Column on memory and why it fails us is gone but not forgotten by objecting readers
My theory that our memories fail us because we are overtaxed by the daily torrents of information we receive in this age of communication is disdained by several readers, including Donald A. Norman, professor of psychology at the Institute for Cognitive Science, University of California at San Diego.
“I am a student of memory and also of human error,” writes Norman. “How could we possibly experience more stimulation today than in earlier eras? The brain processes the stimulation that arrives through the sense organs. As long as my eyes are open and I am awake, the sounds and sights (and feels and smells and touches and tastes) of the world will arrive at the brain, be processed by the brain, and be experienced by the mind.
“The amount of stimulation that I receive is more determined by the number of hours that I am awake and mentally active than by anything else. I can be equally stimulated by a walk along the beach or a casual chat with acquaintances as through reading a book, watching television, or attending a lecture. The important issue is how deeply we attend to and think about things. That is what determines the amount of information stored and processed by the mind.”
In view of his awesome credential, I suppose Norman’s ideas must be attended to. And perhaps he is right; perhaps it is true that I would be stimulated to deeper thought by a stroll along the beach at our house down in Baja, watching the surf, the pelicans, the porpoises, the fishermen in their small boats, than I would by attending one of his lectures. In fact, I might have a hard time concentrating on one of his lectures, and find myself thinking about the beach at Baja.

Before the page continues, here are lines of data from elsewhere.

(* minimum degree (the default value #|T| only matters for the empty graph,
   where it gives 0) and maximum degree *)
Definition mindeg : nat := \big[minn/#|T|]_(u : T) deg u.
Definition maxdeg : nat := \max_(u : T) deg u.

Definition independent (S : {set T}) : bool :=
  [forall x in S, forall y in S, ~~ e x y].

Definition indep_number : nat := \max_(S : {set T} | independent S) #|S|.

Definition regular : Prop := forall u v : T, deg u = deg v.

Definition balanced_bipartite : Prop :=
  exists A B : {set T},
    [/\ A :&: B = set0, A :|: B = [set: T], #|A| = #|B| &
        forall x y, e x y -> (x \in A /\ y \in B) \/ (x \in B /\ y \in A)].

Definition regular_balanced_bipartite : Prop :=
  balanced_bipartite /\ regular.

Local Open Scope ring_scope.
Variable R : realFieldType.

Definition zagreb1 : R := \sum_(u : T) ((deg u)%:R) ^+ 2.
Definition forgotten : R := \sum_(u : T) ((deg u)%:R) ^+ 3.
Definition inv_degree : R := \sum_(u : T) ((deg u)%:R)^-1.

End Graph.

From mathcomp Require Import all_boot all_order all_algebra.
From mathcomp Require Import zify ring lra.
Import Order.TTheory GRing.Theory Num.Theory.

(* Let S be a maximum independent set, so |S| = beta.  Every edge has at most
   one end in S, hence the degrees on S sum to at most e, and by the handshake
   lemma those off S sum to at least e, with equality exactly when V \ S is
   independent too.  With delta <= d(u) <= Delta, splitting each degree sum
   along S leaves a slack that is a sum of non-negative terms, e.g.
   (e - beta Delta)^2 / (2 beta) + beta Delta^2 (Delta - delta) / (2 delta)
   for Z_1; bounds [3] and [5] fall short of [2] and [4] by a non-negative
   multiple of (n - beta) Delta - e.  Equality forces every degree to be delta
   and e = beta delta, which characterises regular balanced bipartite graphs. *)

Set Implicit Arguments.
Unset Strict Implicit.
Unset Printing Implicit Defensive.
(* Let $F$ be a field of characteristic $0$, $d\ge1$, let $\lambda=(h_1,\dots,h_n)\vdash k$, let $\sigma\in S_n$, and let $\sigma(\lambda)=(\mu_1,\dots,\mu_l)\vdash k$. Let $G:=ST(\lambda)(x_1,\dots,x_k)$, evaluated at $x_1,\dots,x_k\in M_d(F)$, viewed as an element of $M_d(F)^{\otimes n}=\mathrm{End}((F^d)^{\otimes n})$. If some $\mu_i$ is even or the $\mu_i$ are not pairwise distinct, then $\mathrm{tr}(\sigma G)=0$ for all $x_1,\dots,x_k$. Otherwise there is a sign $\pm$ (independent of the $x_i$) such that, as functions of $(x_1,\dots,x_k)\in M_d(F)^k$, $$\mathrm{tr}(\sigma G)=\pm\,T_{\mu_1}\wedge\cdots\wedge T_{\mu_l}.$$
   Context: $ST(\lambda)$: for a partition $\lambda=(h_1,\dots,h_n)\vdash k$, set $X_j:=x_{h_1+\dots+h_{j-1}+1}\cdots x_{h_1+\dots+h_j}$ and $ST(\lambda)(x_1,\dots,x_k):=\sum_{\tau\in S_k}\epsilon_\tau (X_1\otimes\cdots\otimes X_n)(x_{\tau(1)},\dots,x_{\tau(k)})$, the alternation of $X_1\otimes\cdots\otimes X_n$ over $x_1,\dots,x_k$. $S_n$ acts on $(F^d)^{\otimes n}$ by permuting tensor factors, normalized so that $\mathrm{tr}((m,m-1,\dots,1)\,y_1\otimes\cdots\otimes y_m)=\mathrm{tr}(y_1y_2\cdots y_m)$. For $\sigma\in S_n$ with cycle decomposition $c_1\cdots c_l$ (fixed points included as $1$-cycles), $\sigma(\lambda)$ is the partition $(\sum_{i\in c_1}h_i,\dots,\sum_{i\in c_l}h_i)$ arranged non-increasingly. $T_j(y_1,\dots,y_j):=\mathrm{tr}\big(\sum_{\tau\in S_j}\epsilon_\tau y_{\tau(1)}\cdots y_{\tau(j)}\big)$. For multilinear alternating functions $f$ in $h$ variables and $g$ in $m$ variables, $(f\wedge g)(x_1,\dots,x_{h+m}):=\frac{1}{h!m!}\sum_{\tau\in S_{h+m}}\epsilon_\tau f(x_{\tau(1)},\dots,x_{\tau(h)})g(x_{\tau(h+1)},\dots,x_{\tau(h+m)})$ (associative). *)

From HB Require Import structures.
From mathcomp Require Import all_boot all_order all_algebra all_fingroup.
Set Implicit Arguments. Unset Strict Implicit. Unset Printing Implicit Defensive.
Import Order.TTheory GRing.Theory Num.Theory.
Local Open Scope ring_scope.

Section Defs.
Variable F : fieldType.
Variable d : nat.

Notation mprod := (@mulmx F d d d).

(* (F^d)^{(x)n} has basis e_i indexed by i : 'I_n -> 'I_d; an endomorphism A is
   given by its kernel: A i j = coefficient of e_i in A e_j. *)
Definition tidx (n : nat) := {ffun 'I_n -> 'I_d}.
Definition endo (n : nat) := tidx n -> tidx n -> F.

Definition endo_comp n (A B : endo n) : endo n :=
  fun i j => \sum_(l : tidx n) A i l * B l j.
Definition endo_tr n (A : endo n) : F := \sum_(i : tidx n) A i i.

Definition tensor n (y : 'I_n -> 'M[F]_d) : endo n :=
  fun i j => \prod_(t < n) y t (i t) (j t).

(* action of sigma permuting tensor factors: v_t is sent to position sigma t,
   i.e. sigma e_j = e_{j o sigma^-1}.  With this convention
   tr((m,m-1,...,1) y_1 (x) ... (x) y_m) = tr(y_1 ... y_m). *)
Definition permop n (s : 'S_n) : endo n :=
  fun i j => ([forall t, i (s t) == j t])%:R.

(* X_j evaluated at x_{tau(1)},...,x_{tau(k)} (0-based indices) *)
Definition Xblock n k (h : 'I_n -> nat) (x : nat -> 'M[F]_d) (tau : 'S_k)
  (j : 'I_n) : 'M[F]_d :=
  let a := (\sum_(i < n | i < j) h i)%N in
  \big[mprod/1%:M]_(p < k | (a <= p)%N && (p < a + h j)%N) x (val (tau p)).

Definition ST_G n k (h : 'I_n -> nat) (x : nat -> 'M[F]_d) : endo n :=
  fun i j => \sum_(tau : 'S_k) (-1) ^+ odd_perm tau *
               tensor (Xblock h x tau) i j.

Definition trSG n k (h : 'I_n -> nat) (s : 'S_n) (x : nat -> 'M[F]_d) : F :=
  endo_tr (endo_comp (permop s) (ST_G k h x)).

Definition Tj (j : nat) (x : nat -> 'M[F]_d) : F :=
  \tr (\sum_(tau : 'S_j) (-1) ^+ odd_perm tau *:
         \big[mprod/1%:M]_(p < j) x (val (tau p))).

Definition permnat N (tau : 'S_N) (i : nat) : nat :=
  oapp (fun o : 'I_N => val (tau o)) i (insub i).

Definition wedge (h m : nat) (f g : (nat -> 'M[F]_d) -> F)
  (x : nat -> 'M[F]_d) : F :=
  (h`!%:R * m`!%:R)^-1 *
  \sum_(tau : 'S_(h + m)) (-1) ^+ odd_perm tau *
     f (fun i => x (permnat tau i)) * g (fun i => x (permnat tau (h + i))).

(* T_{mu_1} /\ ... /\ T_{mu_l} (bracketed to the right; wedge is associative) *)
Fixpoint wedgeT (s : seq nat) : (nat -> 'M[F]_d) -> F :=
  match s with
  | [::] => fun _ => 1
  | m :: s' => wedge m (sumn s') (Tj m) (wedgeT s')
  end.

End Defs.

(* sigma(lambda): the sums of h over the cycles of sigma (fixed points
   included), arranged non-increasingly *)
Definition cyc_type n (h : 'I_n -> nat) (s : 'S_n) : seq nat :=
  sort geq [seq (\sum_(i in c) h i)%N | c : {set 'I_n} <- enum (porbits s)].

(* Expanding G as the alternation of X_1 (x) ... (x) X_n and merging tensor
   factors along the cycles of sigma, tr(sigma G) becomes an alternation
   sum_tau eps_tau prod_c tr(x_{tau(w_c)}) of products of traces of words w_c,
   one word per cycle c, of length the part of sigma(lambda) attached to c, the
   words together using every index exactly once.  Rotating a word of even
   length, or exchanging two words of the same odd length, is an odd relabelling
   of the indices that leaves the product of traces unchanged, so the
   alternation vanishes in characteristic <> 2.  Otherwise a relabelling (whose
   sign is the constant +-1) turns the words into consecutive blocks of lengths
   mu_1 >= ... >= mu_l, and the alternation over consecutive blocks is
   T_{mu_1} /\ ... /\ T_{mu_l}: the wedge of two alternations is the
   alternation of their product, the factorials of the wedge cancelling the sum
   over S_{mu_1} x S_{mu_2 + ... + mu_l}. *)

From HB Require Import structures.
From mathcomp Require Import all_boot all_order all_algebra all_fingroup.
From mathcomp Require Import ring zify.
Import Order.TTheory GRing.Theory Num.Theory.
Local Open Scope ring_scope.
Set Implicit Arguments. Unset Strict Implicit. Unset Printing Implicit Defensive.

Section PermOrbits.
Variable T : finType.
Implicit Types (s : {perm T}) (z : T).

Lemma porbit_sub_closed s (S : {set T}) z :
  (forall u, u \in S -> s u \in S) -> z \in S -> porbit s z \subset S.
Proof.
move=> sS zS; apply/subsetP => y /porbitP [i ->]; rewrite permX.
by elim: i => //= i IH; apply: sS.
Qed.

Lemma mem_porbitS s z v : v \in porbit s z -> s v \in porbit s z.
Proof.
move=> vz; have <- : porbit s v = porbit s z by apply/eqP; rewrite eq_porbit_mem.
by have := mem_porbit s 1 v; rewrite expg1.
Qed.

Lemma porbit_fix s z : s z = z -> porbit s z = [set z].
Proof.
move=> sz; apply/eqP; rewrite eqEsubset sub1set porbit_id andbT.
by apply: porbit_sub_closed; rewrite ?inE // => u /set1P ->; rewrite sz set11.
Qed.

Definition orbit_weight (f : T -> nat) (C : {set T}) : nat := (\sum_(t in C) f t)%N.

Lemma card_orbit_weight_perm1 (f : T -> nat) m :
  #|[set C in porbits 1%g | orbit_weight f C == m]| = #|[set t | f t == m]|.
Proof.
have porbit1 (t : T) : porbit 1 t = [set t] by rewrite porbit_fix ?perm1.
rewrite -(card_imset [set t | f t == m] set1_inj); apply: eq_card => C.
rewrite inE; apply/andP/imsetP => [[/imsetP[t _ ->]]|[t]].
  by rewrite porbit1 /orbit_weight big_set1 => ft; exists t; rewrite ?inE.
by rewrite inE => ft ->; rewrite -porbit1 imset_f //= porbit1 /orbit_weight big_set1.
Qed.

Section MergeStep.
Variables (s : {perm T}) (q r : T).
Hypotheses (sq : s q = r) (qr : q != r).
Local Notation s' := (tperm q r * s)%g.

Lemma tperm_mul_fix : s' r = r.
Proof. by rewrite permM tpermR sq. Qed.

Lemma sr_neq_r : s r != r.
Proof. by apply: contraNneq qr => srr; apply/eqP/(perm_inj (s := s)); rewrite sq srr. Qed.

Lemma porbit_r : porbit s r = porbit s q.
Proof. by rewrite -sq -(porbit_perm s 1 q) expg1. Qed.

Lemma porbit_tperm_mul z : z != r -> porbit s' z = porbit s z :\ r.
Proof.
move=> zr; have s'E u : s' u = s (tperm q r u) by rewrite permM.
have sE u : s u = s' (tperm q r u) by rewrite s'E tpermK.
have r_out : r \notin porbit s' z.
  by rewrite porbit_sym (porbit_fix tperm_mul_fix) inE.
apply/eqP; rewrite eqEsubset; apply/andP; split.
  apply: porbit_sub_closed; last by rewrite !inE zr porbit_id.
  move=> u /setD1P[ur uz]; rewrite s'E.
  have [uq|uq] := eqVneq u q.
    by rewrite uq tpermL !inE sr_neq_r -sq; do 2 apply: mem_porbitS; rewrite -uq.
  rewrite tpermD 1?eq_sym // !inE (mem_porbitS uz) andbT.
  by apply: contra uq; rewrite -sq => /eqP /perm_inj ->.
suff /subsetP sub : porbit s z \subset porbit s' z :|: [set r].
  by apply/subsetP => v /setD1P[vr /sub]; rewrite !inE (negPf vr) orbF.
have [qS|qS] := boolP (q \in porbit s' z).
  apply: porbit_sub_closed; last by rewrite inE porbit_id.
  move=> u; rewrite !inE => /orP[uS|/eqP ->]; last by rewrite sE tpermR mem_porbitS.
  have ur : u != r by apply: contraTneq uS => ->.
  have [->|uq] := eqVneq u q; first by rewrite sq eqxx orbT.
  by rewrite sE tpermD 1?eq_sym // mem_porbitS.
apply: subset_trans (subsetUl _ _); apply: porbit_sub_closed (porbit_id _ _).
move=> u uS; have ur : u != r by apply: contraTneq uS => ->.
have uq : u != q by apply: contraTneq uS => ->.
by rewrite sE tpermD 1?eq_sym // mem_porbitS.
Qed.

Lemma card_moved_tperm_mul : (#|[set t | s' t != t]| < #|[set t | s t != t]|)%N.
Proof.
apply: proper_card; apply/properP; split.
  apply/subsetP => t; rewrite !inE permM.
  have [->|tq] := eqVneq t q; first by rewrite sq (eq_sym r q) qr.
  have [->|tr] := eqVneq t r; first by rewrite tpermR sq eqxx.
  by rewrite tpermD 1?eq_sym.
by exists r; rewrite inE ?sr_neq_r // tperm_mul_fix eqxx.
Qed.

Variables f f' : T -> nat.
Hypotheses (f'q : f' q = (f r + f q)%N) (f'r : f' r = 0%N)
  (f'E : forall t, t != q -> t != r -> f' t = f t).

Lemma orbit_weight_tperm_mul z :
  z != r -> orbit_weight f' (porbit s' z) = orbit_weight f (porbit s z).
Proof.
move=> zr; rewrite porbit_tperm_mul // /orbit_weight.
have [qC|qC] := boolP (q \in porbit s z).
  have rC : r \in porbit s z by rewrite -sq mem_porbitS.
  rewrite [in RHS](bigD1 r) //= (bigD1 q) /=; last by rewrite !inE qr qC.
  rewrite f'q -addnA [in RHS](bigD1 q) /=; last by rewrite qC qr.
  congr (_ + (_ + _))%N; apply: eq_big => [t|t /andP[]].
    by rewrite !inE (andbC (t != r)).
  by rewrite !inE => /andP[tr _] tq; rewrite f'E.
have rC : r \notin porbit s z by rewrite -eq_porbit_mem porbit_r eq_porbit_mem.
apply: eq_big => [t|t]; first by rewrite !inE; case: eqP => // ->; rewrite (negPf rC).
by rewrite !inE => /andP[tr tC]; rewrite f'E //; apply: contraNneq qC => <-.
Qed.
(* The bottom matching cube_pm set0 covers v by one edge m lying on both hexagons; after
   flipping c_i, the edge covering v on c_j lies on c_i as well, hence equals m, which is
   no longer there. *)
Lemma cube_hexes_disjoint i j v : i != j ->
  v \in hex_verts (cube_hex i) -> v \notin hex_verts (cube_hex j).
Proof.
move=> ij vi; apply/negP => vj; have [ciS Hi] := cube_hexP i.
have vS : vertex_of S v := vertex_of_hex ciS vi.
have [cjS Hj] : cube_hex j \in S /\ symdiff (cube_pm (i |: set0)) (cube_pm (j |: (i |: set0)))
                                    = hex_edges (cube_hex j).
  by split; [exact: (cube_hexP j).1 | apply: cube_step_hex; rewrite !inE eq_sym (negbTE ij)].
have altMi := symdiff_hex_alternates (cube_pm_perfect _) (cube_pm_perfect _) cjS Hj.
have [m [mM0 mi vm]] := alternates_covers (cube_hex_alternates i) vi.
have [m' [m'M0 m'j vm']] := alternates_covers (cube_hex_alternates j) vj.
have mm' : m = m' := perfect_matching_uniq (cube_pm_perfect _) vS vm vm' mM0 m'M0; subst m'.
have mMi : m \notin cube_pm (i |: set0).
  by have := mi; rewrite -Hi in_symdiff mM0; case: (_ \in cube_pm _).
have [f [fMi fj vf]] := alternates_covers altMi vj.
have fi : f \in hex_edges (cube_hex i).
  apply: contraT => fi; have fM0 : f \in cube_pm set0.
    by move: fi; rewrite -Hi in_symdiff fMi; case: (_ \in cube_pm set0).
  have fm := perfect_matching_uniq (cube_pm_perfect _) vS vf vm fM0 mM0; subst f.
  by rewrite fMi in mMi.
have fm := hex_edges_meet_uniq (cube_hex_neq ij) mi m'j fi fj; subst f.
by rewrite fMi in mMi.
Qed.

Lemma cube_hex_edges_disjoint i j e : i != j ->
  e \in hex_edges (cube_hex i) -> e \notin hex_edges (cube_hex j).
Proof.
move=> ij ei; apply/negP => ej; have ve : incident (edge_black e) e by left.
by case/negP: (cube_hexes_disjoint ij (incident_hex_verts ve ei)); apply: incident_hex_verts ej.
Qed.

Definition cube_clar : {fset cell} * {fset edge} :=
  ([fset cube_hex i | i : 'I_n],
   cube_pm set0 `\` \bigcup_(i <- enum 'I_n) hex_edges (cube_hex i)).

Lemma mem_cube_singles e :
  (e \in cube_clar.2) = (e \in cube_pm set0) && [forall i, e \notin hex_edges (cube_hex i)].
Proof.
rewrite inE andbC; congr (_ && _); apply/idP/forallP => [off i | off].
  by apply: contra off => ei; apply/bigfcupP; exists i; rewrite ?mem_enum.
by apply/negP => /bigfcupP [i _ ei]; have := off i; rewrite ei.
Qed.

Lemma mem_cube_hexes d : d \in cube_clar.1 <-> exists i, d = cube_hex i.
Proof.
split; first by case/imfsetP => i _ ->; exists i.
by case=> i ->; apply/imfsetP; exists i.
Qed.

(* Walking from the bottom of the cube to A flips exactly the hexagons c_i with i in A. *)
Lemma cube_pm_shape A :
  (forall i, alternates (cube_pm A) (cube_hex i) /\
     hex_bit (cube_pm A) (cube_hex i) = hex_bit (cube_pm set0) (cube_hex i) (+) (i \in A)) /\
  {subset cube_clar.2 <= cube_pm A}.
Proof.
elim/finset_ind: A => [|j B jB [IH1 IH2]].
  split; last by move=> e; rewrite mem_cube_singles => /andP [].
  by move=> i; split; [exact: cube_hex_alternates | rewrite inE addbF].
have Hj := cube_step_hex jB.
have same e : e \notin hex_edges (cube_hex j) -> (e \in cube_pm (j |: B)) = (e \in cube_pm B).
  by rewrite -Hj in_symdiff; case: (e \in cube_pm B); case: (e \in cube_pm _).
split=> [i | e eC]; last first.
  by rewrite same ?IH2 //; move: eC; rewrite mem_cube_singles => /andP [_ /forallP].
have [-> | ij] := eqVneq i j.
  split; first exact: symdiff_hex_alternates (cube_pm_perfect _) (cube_pm_perfect B)
                        (cube_hexP j).1 (etrans (symdiffC _ _) Hj).
  have := hex_edge_mem (cube_hex j) (isT : 0 < 6)%N.
  rewrite -Hj in_symdiff -/(hex_bit (cube_pm B) _) -/(hex_bit (cube_pm (j |: B)) _).
  rewrite (proj2 (IH1 j)) !inE eqxx (negbTE jB) /= addbF.
  by case: (hex_bit (cube_pm set0) _); case: (hex_bit _ _).
have [A1 A2] := IH1 i; split.
  by apply: alternates_eq A1 _ => e ei; rewrite same //; exact: cube_hex_edges_disjoint ij ei.
rewrite /hex_bit same ?(cube_hex_edges_disjoint ij (hex_edge_mem _ _)) //.
by rewrite -/(hex_bit (cube_pm B) _) A2 !inE (negbTE ij).
Qed.

Lemma cube_clar_cover : clar_cover S cube_clar.
Proof.
split; first by move=> d /mem_cube_hexes [i ->]; exact: (cube_hexP i).1.
split.
  by move=> e; rewrite mem_cube_singles => /andP [eM _]; exact: (cube_pm_perfect _).1 _ eM.
move=> v vS; have [/existsP [i vi] | ] := boolP [exists i, v \in hex_verts (cube_hex i)].
  left; split.
    exists (cube_hex i); split; first by split => //; apply/mem_cube_hexes; exists i.
    move=> d [/mem_cube_hexes [j ->] vj]; have [-> // | ji] := eqVneq j i.
    by case/negP: (cube_hexes_disjoint ji vj).
  move=> e; rewrite mem_cube_singles => /andP [eM /forallP /(_ i) ei] ve.
  have [f [fM fi vf]] := alternates_covers (cube_hex_alternates i) vi.
  have ef := perfect_matching_uniq (cube_pm_perfect _) vS ve vf eM fM; subst f.
  by rewrite fi in ei.
rewrite negb_exists => /forallP off; right; split; first by move=> d /mem_cube_hexes [i ->].
have [e [[eM ve] Hu]] := (cube_pm_perfect set0).2 v vS.
exists e; split.
  split => //; rewrite mem_cube_singles eM; apply/forallP => i; apply/negP => ei.
  by have := off i; rewrite (incident_hex_verts ve ei).
by move=> f [fC vf]; apply: Hu; split => //; move: fC; rewrite mem_cube_singles => /andP [].
Qed.

Lemma cube_clar_card : #|` cube_clar.1| = n.
Proof. by rewrite card_imfset /= ?size_enum_ord //; exact: cube_hex_inj. Qed.

Lemma cube_fC M : X M <-> fC S cube_clar M.
Proof.
have X_fC M' : X M' -> fC S cube_clar M'.
  move=> XM'; have <- : cube_pm (phi M') = M'.
    by apply: phi_inj => //; [exact: (cube_pmP _).1 | exact: (cube_pmP _).2].
  have [shape C2M] := cube_pm_shape (phi M'); split; [exact: cube_pm_perfect | | exact: C2M].
  by move=> d /mem_cube_hexes [i ->]; apply/alternatingP; exact: (shape i).1.
split; first exact: X_fC.
move=> fM; pose A := [set i | hex_bit M (cube_hex i) != hex_bit (cube_pm set0) (cube_hex i)].
suff <- : cube_pm A = M by exact: (cube_pmP A).1.
apply: (fC_eq cube_clar_cover (X_fC _ (cube_pmP A).1) fM) => _ /mem_cube_hexes [i ->].
rewrite ((cube_pm_shape A).1 i).2 !inE.
by case: (hex_bit M _); case: (hex_bit _ _).
Qed.
(* Suppose $\sigma_x=\sigma_y$ and $\rho\in(0,1)$. Then $(\mathbf a^*,\mathbf b^* )$ is a global pure equilibrium: $K(\mathbf a^*,\mathbf b)\le K(\mathbf a^*,\mathbf b^* )=0\le K(\mathbf a,\mathbf b^* )$ for all $\mathbf a,\mathbf b\in\mathbb R^2$.
   Context: Standing setup. Fix $\sigma_x,\sigma_y>0$ and $\rho\in(-1,1)$, and let $(\xi,\eta)$ be a bivariate normal random vector with mean $(0,0)$ and covariance matrix $\Sigma=\begin{pmatrix}\sigma_x^2&\rho\sigma_x\sigma_y\\ \rho\sigma_x\sigma_y&\sigma_y^2\end{pmatrix}$. Player I (the minimizer) chooses $\mathbf a=(x_1,y_1)\in\mathbb R^2$ and Player II (the maximizer) chooses $\mathbf b=(x_2,y_2)\in\mathbb R^2$. Let $C_1(\mathbf a,\mathbf b)=\{(x,y):(x_1-x)^2+(y_1-y)^2<(x_2-x)^2+(y_2-y)^2\}$ and $C_2(\mathbf a,\mathbf b)=\{(x,y):(x_1-x)^2+(y_1-y)^2>(x_2-x)^2+(y_2-y)^2\}$. The payoff to Player II (paid by Player I) is $K(\mathbf a,\mathbf b)=x_1+y_1$ if $\mathbf a=\mathbf b$, and $K(\mathbf a,\mathbf b)=(x_1+y_1)\,P((\xi,\eta)\in C_1(\mathbf a,\mathbf b))+(x_2+y_2)\,P((\xi,\eta)\in C_2(\mathbf a,\mathbf b))$ if $\mathbf a\neq\mathbf b$. For $\mathbf a=(x,y)$ write $-\mathbf a=(-x,-y)$. Let $x_2^*=\frac{\sqrt{2\pi(\sigma_x^2+2\rho\sigma_x\sigma_y+\sigma_y^2)}}{4}$, $\mathbf b^*=(x_2^*,x_2^* )$ and $\mathbf a^*=(-x_2^*,-x_2^* )$. *)

From Stdlib Require Import Reals Lra ClassicalEpsilon.
Open Scope R_scope.

(* Total Riemann integral on [a,b]: RiemannInt if f is Riemann integrable
   there (value is independent of the integrability proof), 0 otherwise. *)
Definition RInt (f : R -> R) (a b : R) : R :=
  match excluded_middle_informative (exists pr : Riemann_integrable f a b, True) with
  | left H => RiemannInt (proj1_sig (constructive_indefinite_description _ H))
  | right _ => 0
  end.

(* Total limit of a real sequence (0 if it does not converge). *)
Definition seq_lim (u : nat -> R) : R :=
  match excluded_middle_informative (exists l, Un_cv u l) with
  | left H => proj1_sig (constructive_indefinite_description _ H)
  | right _ => 0
  end.

Definition ind (P : Prop) : R :=
  if excluded_middle_informative P then 1 else 0.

At least Prof. Norman gives us some good news about loss of memory: “Personally, I think the limits of our memory system are blessings. The automatic loss of material in its transition from short-to-long-term storage helps prevent the overload that you write about. And the ‘errors’ and ‘confusions’ that you write about are simply the incidental byproduct of the powerful and flexible operations of the human mind that also lead to creativity, discovery, and insight. The one is the simple consequence of the other. . . .”
David Simmons of Ridgecrest argues that no one has the faintest idea what the capacity of the mind is, or how the memory works; and therefore to say that the memory is overloaded, or even can be, is “purest speculation.”
He calls it an “editorial trick” to set up an imaginary man, Geoffrey Farmer, of York, England, in 1385, to make my point.
“I doubt that you are really that cognizant of a real ‘day in the life of Geoffrey Farmer.’ Besides, you are in the top fraction of a percent of the world’s population in economic status and education (or equivalent experience) and should compare your day to someone of equal level in your imagined year. To say that Farmer knows nothing of physics, chemistry, biology, or mathematics is meaningless because most people today are in the same boat. I suspect that knowledgeable people then were just as aware of the current philosophical speculations as those of today are about ours.”
I doubt if Simmons is any more cognizant of a real day in the life of Geoffrey Farmer than I am. Except for a few scholars, pedagogues and clergymen, Farmer probably had as much education as every other man in England, which meant virtually none. As for physics, chemistry and biology, not as much was known then as can be stuffed into the head of the average high school student today, despite his resistance.
Griffin R. McKay, dean of instruction at Glendale Community College, tells a story that seems to verify the notion that memory is finite and can be filled up.
“David Starr Jordan was the first president of Stanford University and occupied that position for many years. When he first assumed the presidency, he publicly stated that within a short period of time he would be able to greet every student in attendance at the school by their first names. He was eminently successful, and was very quickly greeting them with their names; and then suddenly and inexplicably he was observed while on campus to always walk with his eyes cast down to the ground, never establishing eye contact with the students and never greeting them by name.
“You should understand that Jordan was a world renowned ichthyologist and was reputed to know the name of every species of fish in the world. The reason he gave for his change in behavior was that he had become convinced that with each student’s name he memorized, he forgot the name of a fish.”
By the way, Herbert Powell of Santa Barbara calls me on a breakdown in my own memory. I had written that the oldest son of one of Geoffrey’s cronies “had got hold of a book of poems by that fellow Chaucer, and was learning to read. . . .”
“I’m a little bothered by Will’s oldest son’s precocity. To think that he buried his nose in a book by that popular author Chaucer in the year 1385! Gutenberg wasn’t to invent printing with moveable type and issue his first book, the Bible, until 1455. . . .”
Well, maybe Prof. Norman is right. That was just one of the errors and confusions that are the incidental byproducts of the powerful and flexible operations of the human mind that also lead to creativity, discovery and insight.